DSNWS 2-18 Homer Danley mug.jpg

Homer Danley

Homer Danley made Douglasville history in 1978. That was the year he became the city’s first black-elected member of the city council. He served on the council for seven years from 1978-1985.

“I was proud to be elected,” Danley said. “But I felt an awesome responsibility because I realized that what I did as a member of the city council was going to either enhance or take away the possibility of someone doing something in the future.”

Danley was elected during a period where voters selected from “at-large” ballots and not from the specific ward they live in. The “someones" he referred to was anyone who looked like him.

“A lot of people believe, probably more so then than now, just being African-American automatically disqualified you to walk on the city council and do a good job,” Danley said.

Joe Henry Dones was one of the first black citizens who wanted to run for city council, but wasn’t elected in the early stages, Danley said. One councilman told Danley that as much as he liked Alton Caldwell, a black man running for city council, he couldn’t vote for him.

“He told one of the other white councilmen, ‘You know, I really like that Caldwell,’” Danley said. “‘I never voted for a black before and I think my daddy would just turn over in his grave if I voted for him.’”

Caldwell eventually became one of the first black members of the Douglasville City Council soon after. He was the husband of current Douglas County Magistrate Judge Barbara Caldwell. The unnamed white councilman who said he couldn’t vote for Caldwell became very close with Danley during and after their time serving together on the city council over the years.

While on the council, housing and utilities were two of the top issues in the city at the time that Danley and the council faced. He recalls a young Herb Emory sitting in on those council meetings to hold the elected officials accountable.

“I remember a lot of people didn’t have sewage and they had septic tanks,” Danley said. “There were people with dilapidated houses who could not afford to get them fixed up.”

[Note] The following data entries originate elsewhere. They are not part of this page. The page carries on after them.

Lemma gprod1 k : gprod k (fun=> 1 : T) = 1.
Proof. by elim: k => //= k ->; rewrite mulg1. Qed.

Lemma dprod_prufer_torsion_finite R n : dprod_prufer R -> 0 < n ->
  exists s : seq T, forall z, R z -> z ^+ n = 1 -> z \in s.
Proof.
move=> [k [ps [P [pruferP commP defR uniqR]]]] n_gt0.
have prefix_products j : j <= k -> exists s : seq T, forall f,
    (forall i, i < j -> P i (f i) /\ f i ^+ n = 1) -> gprod j f \in s.
  elim: j => [|j IHj] le_jk; first by exists [:: 1] => f _; rewrite inE.
  have [s Hs] := IHj (ltnW le_jk).
  have [sj Hsj] := prufer_torsion_finite (pruferP j le_jk) n_gt0.
  exists [seq u * v | u <- s, v <- sj] => f Pf; apply: allpairs_f.
    by apply: Hs => i /ltnW; exact: Pf.
  by have [] := Pf j (ltnSn j); exact: Hsj.
have [s Hs] := prefix_products k (leqnn k).
exists s => z /defR [f [Pf ->]] zn1.
have cf i j : i < k -> j < k -> commute (f i) (f j).
  move=> lt_ik lt_jk; have [->|/eqP neq_ij] := eqVneq i j.
    exact: commute_refl.
  exact: commP lt_ik lt_jk neq_ij (Pf i lt_ik) (Pf j lt_jk).
have fn1 i : i < k -> f i ^+ n = 1.
  apply: (uniqR (fun i => f i ^+ n) (fun=> 1)) => [j lt_jk|j lt_jk|].
  - exact (pruferX (pruferP j lt_jk) n (Pf j lt_jk)).
  - exact: prufer1 (pruferP j lt_jk).
  - by rewrite gprod1 -gprodXn.
by apply: Hs => i lt_ik; split; [exact: Pf | exact: fn1].
Qed.

End DirectProduct.

Section RadicableParts.
Variables (T : groupType) (N : T -> Prop) (Rx : T -> T -> Prop).
Hypotheses (periodicT : periodic_group T) (normalN : normal_subgroup N).
Hypothesis chernikovRx : forall x, chernikov_radicable_part (commN N x) (Rx x).

Lemma Rx_sub_commN x : Defs.subset (Rx x) (commN N x).
Proof. by have [[]] := chernikovRx x. Qed.

Lemma Rx_conj x g u : Rx x u -> Rx (x ^ g) (u ^ g).
Proof.
apply: (chernikov_radicable_part_conj _ (chernikovRx x) (chernikovRx (x ^ g)))
  => [|z]; [exact: generated_subgroup | exact: commN_conj].
Qed.

Lemma Rx_normalised x y a u : Rx x a -> Rx y u -> Rx y (u ^ a).
Proof.
move=> Ra.
apply: (chernikov_radicable_part_conj _ (chernikovRx y) (chernikovRx y))
  => [|z]; first exact: generated_subgroup.
exact (commN_normalised normalN (commN_sub normalN (Rx_sub_commN Ra))).
Qed.

Lemma Rx_commute x y a b : Rx x a -> Rx y b -> commute a b.
Proof.
move=> Ra Rb; have [n [n_gt0 bn1]] := periodicT b.
have [[RxG _ _] _ radRx _ _] := chernikovRx x.
have [_ _ _ dprodRy _] := chernikovRx y.
have [s torsion_s] := dprod_prufer_torsion_finite dprodRy n_gt0.
have [c [Rc <-]] := radRx _ _ (fact_gt0 (size s)) Ra.
have orbit i : exists2 t, t \in s & t = b ^ (c ^+ i).
  exists (b ^ (c ^+ i)) => //; apply: torsion_s.
    exact: Rx_normalised (subgroupX i RxG Rc) Rb.
  by rewrite -conjXg bn1 conj1g.
have [i [j [_ [lt_ij le_js -> eq_ij]]]] := pigeonhole_rel orbit.
have cb : commute b (c ^+ (j - i)).
  apply/commgP/conjg_fixP/(conjg_inj (c ^+ i)).
  by rewrite -conjgM -expgnDr subnK // ltnW.
apply/commute_sym/(subgroupX_fact (centraliser_subgroup b) _ cb).
by rewrite subn_gt0 lt_ij (leq_trans (leq_subr i j)).
Qed.

End RadicableParts.

Theorem lemma2p4 (T : groupType) (N : T -> Prop) (Rx : T -> T -> Prop) :
  periodic_group T ->
  normal_subgroup N ->
  (forall x : T, chernikov_radicable_part (commN N x) (Rx x)) ->
  let R := generated (fun y => exists x, Rx x y) in
  [/\ is_subgroup R, radicable R, abelian_subgroup R & normal_subgroup R].
Proof.
move=> periodicT normalN chernikovRx R.
have abelianR : abelian_subgroup R.
  apply: abelian_generated => a b [x Ra] [y Rb].
  exact: Rx_commute periodicT normalN chernikovRx _ _ _ _ Ra Rb.
split=> //; first exact: generated_subgroup.
- apply: radicable_generated => // r a r_gt0 [x Ra].
  have [_ _ radRx _ _] := chernikovRx x.
  have [y [Ry <-]] := radRx r a r_gt0 Ra.
  by exists y; split=> //; apply: sub_generated; exists x.
- apply: normal_generated => g a [x Ra]; exists (x ^ g).
  exact: Rx_conj normalN chernikovRx _ _ _ Ra.
Qed.
(* Let $S$ be a Hausdorff semitopological semigroup. If $M$ is a maximal ideal of $Lmc(S)$, then $E(M)$ is an $e$-ultrafilter; and if $\mathcal{A}$ is an $e$-ultrafilter, then $E^-(\mathcal{A})$ is a maximal ideal of $Lmc(S)$. Consequently $M\mapsto E(M)$ is a bijection from the set of maximal ideals of $Lmc(S)$ onto the set of $e$-ultrafilters.
   Context: A Hausdorff semitopological semigroup is a semigroup $S$ with a Hausdorff topology such that all maps $\lambda_s(x)=sx$, $r_s(x)=xs$ are continuous. $\mathcal{CB}(S)$: bounded continuous complex functions with sup norm; $\beta S$ its spectrum with Gelfand topology; $L_sf(x)=f(sx)$, $(T_\mu f)(s)=\mu(L_sf)$; $Lmc(S)=\{f\in\mathcal{CB}(S):T_\mu f\in\mathcal{CB}(S)\ \forall \mu\in\beta S\}$. $Z(Lmc(S))=\{f^{-1}(0):f\in Lmc(S)\}$. $E_\epsilon(f)=\{x\in S:|f(x)|\le\epsilon\}$; $E(I)=\{E_\epsilon(f):f\in I,\epsilon>0\}$; $E^-(\mathcal{A})=\{f\in Lmc(S):E_\epsilon(f)\in\mathcal{A}\ \forall\epsilon>0\}$. A $z$-filter is $\mathcal{A}\subseteq Z(Lmc(S))$ with $\emptyset\notin\mathcal{A}$, $S\in\mathcal{A}$, closed under finite intersections and upward closed within $Z(Lmc(S))$. An $e$-filter is a $z$-filter $\mathcal{A}$ with $E(E^-(\mathcal{A}))=\mathcal{A}$; an $e$-ultrafilter is an $e$-filter not properly contained in any other $e$-filter. *)

From Stdlib Require Import Reals.
Open Scope R_scope.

Danley still lives in the county off of Highway 78 in Winston. Today, he admires the city council from afar. He gave his praise, particularly to Councilwoman LaShun Burr Danley, who married into the Danley family, Mayor Rochelle Robinson, City Manager Marcia Hampton, and Downtown Services Manager Patrice Williams. Although all of the women Danley mentioned are black, he said he acknowledged them, along with the rest of the council who appointed those individuals, simply because they were the most qualified candidates for their positions.

“What I don’t want to see is anybody in any of those positions who shouldn’t be there,” Danley said. “There are some, maybe a few throughout the county, where it’s questionable whether the candidate won because of qualifications or because of race. We cannot go down that road because it’s a destructive path. But the ones that I’ve seen at the city, it seems like they know what they’re doing and that’s important.”

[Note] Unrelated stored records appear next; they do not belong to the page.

Lemma inS_gapDl e f t : inS a b f -> ((t <= e)%MM -> (f + t <= e)%MM) ->
  inS_gap e (f + t) = inS_gap e t.
Proof.
move=> Sf le_ft; rewrite /inS_gap; case: (boolP (t <= e)%MM) => [le_t | lt_t] /=.
  rewrite le_ft //= -(inSD _ Sf); congr (inS a b _); apply/mnmP => k.
  by have := mnm_lepP (le_ft le_t) k; rewrite !mnmDE !mnmBE mnmDE; lia.
apply: negbTE; apply: contra lt_t => /andP[le_ft' _].
exact: lepm_trans (lem_addl f t) le_ft'.
Qed.

Lemma coef_FS_mul_1subX_eq0 R f T e :
  inS a b f -> {in msupp R, forall t, (t <= T)%MM} ->
  (forall k, f k != 0%N -> (T k + f k <= e k)%N) ->
  coef_FS_mul a b (R * (1 - 'X_[f])) e = 0.
Proof.
move=> Sf R_le e_ge; rewrite coef_FS_mulE mulrBr mulr1 mpairB mpairMX.
apply/eqP; rewrite subr_eq0; apply/eqP/eq_in_mpair => t /R_le le_tT.
rewrite inS_gapDl // => le_te.
apply/mnm_lepP => k; rewrite mnmDE; have [->|/e_ge] := eqVneq (f k) 0%N.
  exact: mnm_lepP le_te k.
by apply: leq_trans; rewrite addnC leq_add2r (mnm_lepP le_tT).
Qed.

Lemma coef_FS_mul_eq0_lshift Q T e i : {in msupp Q, forall t, (t <= T)%MM} ->
  (T (lshift m i) + \sum_(j < m) ypart e j * b j < e (lshift m i))%N ->
  coef_FS_mul a b Q e = 0.
Proof.
move=> Q_le e_gt; rewrite coef_FS_mulE; apply: mpair_eq0 => t /Q_le le_tT.
rewrite /inS_gap; case: (boolP (t <= e)%MM) => //= le_te.
case: (boolP (inS a b (e - t)%MM)) => // S_et; exfalso.
have := inS_xpart_le a_gt0 i S_et.
have : (\sum_(j < m) ypart (e - t) j * b j <= \sum_(j < m) ypart e j * b j)%N.
  by apply: leq_sum => j _; rewrite leq_mul2r /ypart mnmBE leq_subr orbT.
have := mnm_lepP le_tT (lshift m i); move: e_gt; rewrite /xpart mnmBE; lia.
Qed.

Lemma coef_FS_mul_eq0_rshift Q T e j : {in msupp Q, forall t, (t <= T)%MM} ->
  (T (rshift n j) + \sum_(i < n) xpart e i * a i < e (rshift n j))%N ->
  coef_FS_mul a b Q e = 0.
Proof.
move=> Q_le e_gt; rewrite coef_FS_mulE; apply: mpair_eq0 => t /Q_le le_tT.
rewrite /inS_gap; case: (boolP (t <= e)%MM) => //= le_te.
case: (boolP (inS a b (e - t)%MM)) => // S_et; exfalso.
have := inS_ypart_le b_gt0 j S_et.
have : (\sum_(i < n) xpart (e - t) i * a i <= \sum_(i < n) xpart e i * a i)%N.
  by apply: leq_sum => i _; rewrite leq_mul2r /xpart mnmBE leq_subr orbT.
have := mnm_lepP le_tT (rshift n j); move: e_gt; rewrite /ypart mnmBE; lia.
Qed.

Definition Dab_exp : 'X_{1..n + m} := (\sum_(p : 'I_n * 'I_m) eij a b p.1 p.2)%MM.

Lemma DabE : Dab a b = \prod_(p : 'I_n * 'I_m) (1 - 'X_[eij a b p.1 p.2]).
Proof. by rewrite /Dab pair_big. Qed.

Lemma msupp_Dab_le t : t \in msupp (Dab a b) -> (t <= Dab_exp)%MM.
Proof. by rewrite DabE => /msupp_prod_1subX_le. Qed.

Lemma coef_FS_mul_Dab_eq0_shift e i j :
  (Dab_exp (lshift m i) <= e (lshift m i))%N ->
  (Dab_exp (rshift n j) <= e (rshift n j))%N ->
  coef_FS_mul a b (Dab a b) e = 0.
Proof.
move=> e_ge_i e_ge_j; rewrite DabE (bigD1 (i, j)) //= mulrC.
set T := (\sum_(p | p != (i, j)) eij a b p.1 p.2)%MM.
have DE : (T + eij a b i j)%MM = Dab_exp by rewrite /Dab_exp (bigD1 (i, j)) //= addmC.
apply: (coef_FS_mul_1subX_eq0 (T := T)) => [|t|k nz_k].
- exact: inS_eij.
- exact: msupp_prod_1subX_le.
- by rewrite -mnmDE DE; case: (eij_supp nz_k) => ->.
Qed.

Definition Dab_bound : nat :=
  (mdeg Dab_exp + \sum_(i < n) xpart Dab_exp i * a i
                + \sum_(j < m) ypart Dab_exp j * b j)%N.+1.

Lemma coef_FS_mul_Dab_eq0 e k : (Dab_bound <= e k)%N -> coef_FS_mul a b (Dab a b) e = 0.
Proof.
have le_mdeg q : (Dab_exp q <= mdeg Dab_exp)%N by rewrite mdegE (bigD1 q) //= leq_addr.
rewrite /Dab_bound -(splitK k); case: (split k) => [i|j] /= e_ge.
- case: (boolP [exists j, Dab_exp (rshift n j) <= e (rshift n j)]%N)
    => [/existsP [j e_ge_j] | /existsPn e_lt].
    apply: (coef_FS_mul_Dab_eq0_shift (i := i) _ e_ge_j).
    by have := le_mdeg (lshift m i); lia.
  apply: (coef_FS_mul_eq0_lshift (T := Dab_exp) (i := i)) => [t /msupp_Dab_le //|].
  apply: leq_ltn_trans e_ge; rewrite -addnA leq_add // (leq_trans _ (leq_addl _ _)) //.
  by apply: leq_sum => j _; rewrite leq_mul2r ltnW ?orbT // ltnNge; apply: e_lt.
- case: (boolP [exists i, Dab_exp (lshift m i) <= e (lshift m i)]%N)
    => [/existsP [i e_ge_i] | /existsPn e_lt].
    apply: (coef_FS_mul_Dab_eq0_shift (j := j) e_ge_i).
    by have := le_mdeg (rshift n j); lia.
  apply: (coef_FS_mul_eq0_rshift (T := Dab_exp) (j := j)) => [t /msupp_Dab_le //|].
  apply: leq_ltn_trans e_ge; rewrite -addnA leq_add // (leq_trans _ (leq_addr _ _)) //.
  by apply: leq_sum => i _; rewrite leq_mul2r ltnW ?orbT // ltnNge; apply: e_lt.
Qed.

End SeriesTimesDenominator.

Local Open Scope ring_scope.

Theorem corollary6 (n m : nat) (a : 'I_n -> nat) (b : 'I_m -> nat)
  (ha : forall i, (0 < a i)%N) (hb : forall j, (0 < b j)%N) :
  (exists s : seq 'X_{1..n + m},
     [/\ uniq s,
         (forall v, v \in s <-> completely_fundamental a b v) &
         \prod_(v <- s) (1 - 'X_[v]) = Dab a b]) /\
  (exists P : {mpoly int[n + m]},
     forall e : 'X_{1..n + m}, P@_e = coef_FS_mul a b (Dab a b) e).
Proof.
split; last exact: mpoly_of_box_support (coef_FS_mul_Dab_eq0 ha hb).
exists [seq eij a b p.1 p.2 | p <- enum {: 'I_n * 'I_m}]; split.
- by rewrite map_inj_uniq ?enum_uniq //; apply: eij_inj.
- move=> v; split=> [/mapP [p _ ->] | /(completely_fundamental_eijP ha hb) [i [j ->]]].
    exact: completely_fundamental_eij.
  by apply/mapP; exists (i, j); rewrite ?mem_enum.
- by rewrite big_map big_enum DabE.
Qed.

Being elected as the first black Douglasville councilman wasn’t the first time Danley made history. As a senior at Fort Valley State University, he became the first black full-time deputy at the Peach County Sheriff’s Office. Then, he joined the Georgia National Guard as one of the few black soldiers in the state. His brother Leonard Danley was the first black Magistrate Judge in Douglasville. His sister Dorothy Sparks was one of the first black educators to teach at Douglas County High School. The philosophy Danley used for breaking barriers is a principle that comes from the Bible.

“We have not because we ask not,” Danley said.

Danley was an educator at Douglas County High School for 30 years, retiring in 2002. He taught economics, sociology and even worked as a counselor at the school. Working in education taught him much about people in general, Danley said, from all walks of life.

“Race is nothing but a culture,” Danley said. “Race is nothing that you can say, ‘Hey. That race …They’re all different. We’re all 99.9 percent alike and we’re different as day-and-night, but there aren’t differences based on race and when we get beyond that, I think our society can move forward.”

Danley graduated from R.L. Cousins High School in 1966, the same school that his wife Florence Danley went to before schools were integrated in the county. Danley and his wife now own two businesses, Danley Brothers Four, LLC. and Danley Four Developments, LLC. The couple has two daughters, Fhonda and Fhara. Both work in education in the county as well, which amuses Danley. Fhonda is the principal at Fairplay Middle School and Fhara is a counselor for schools in the Douglas County School System.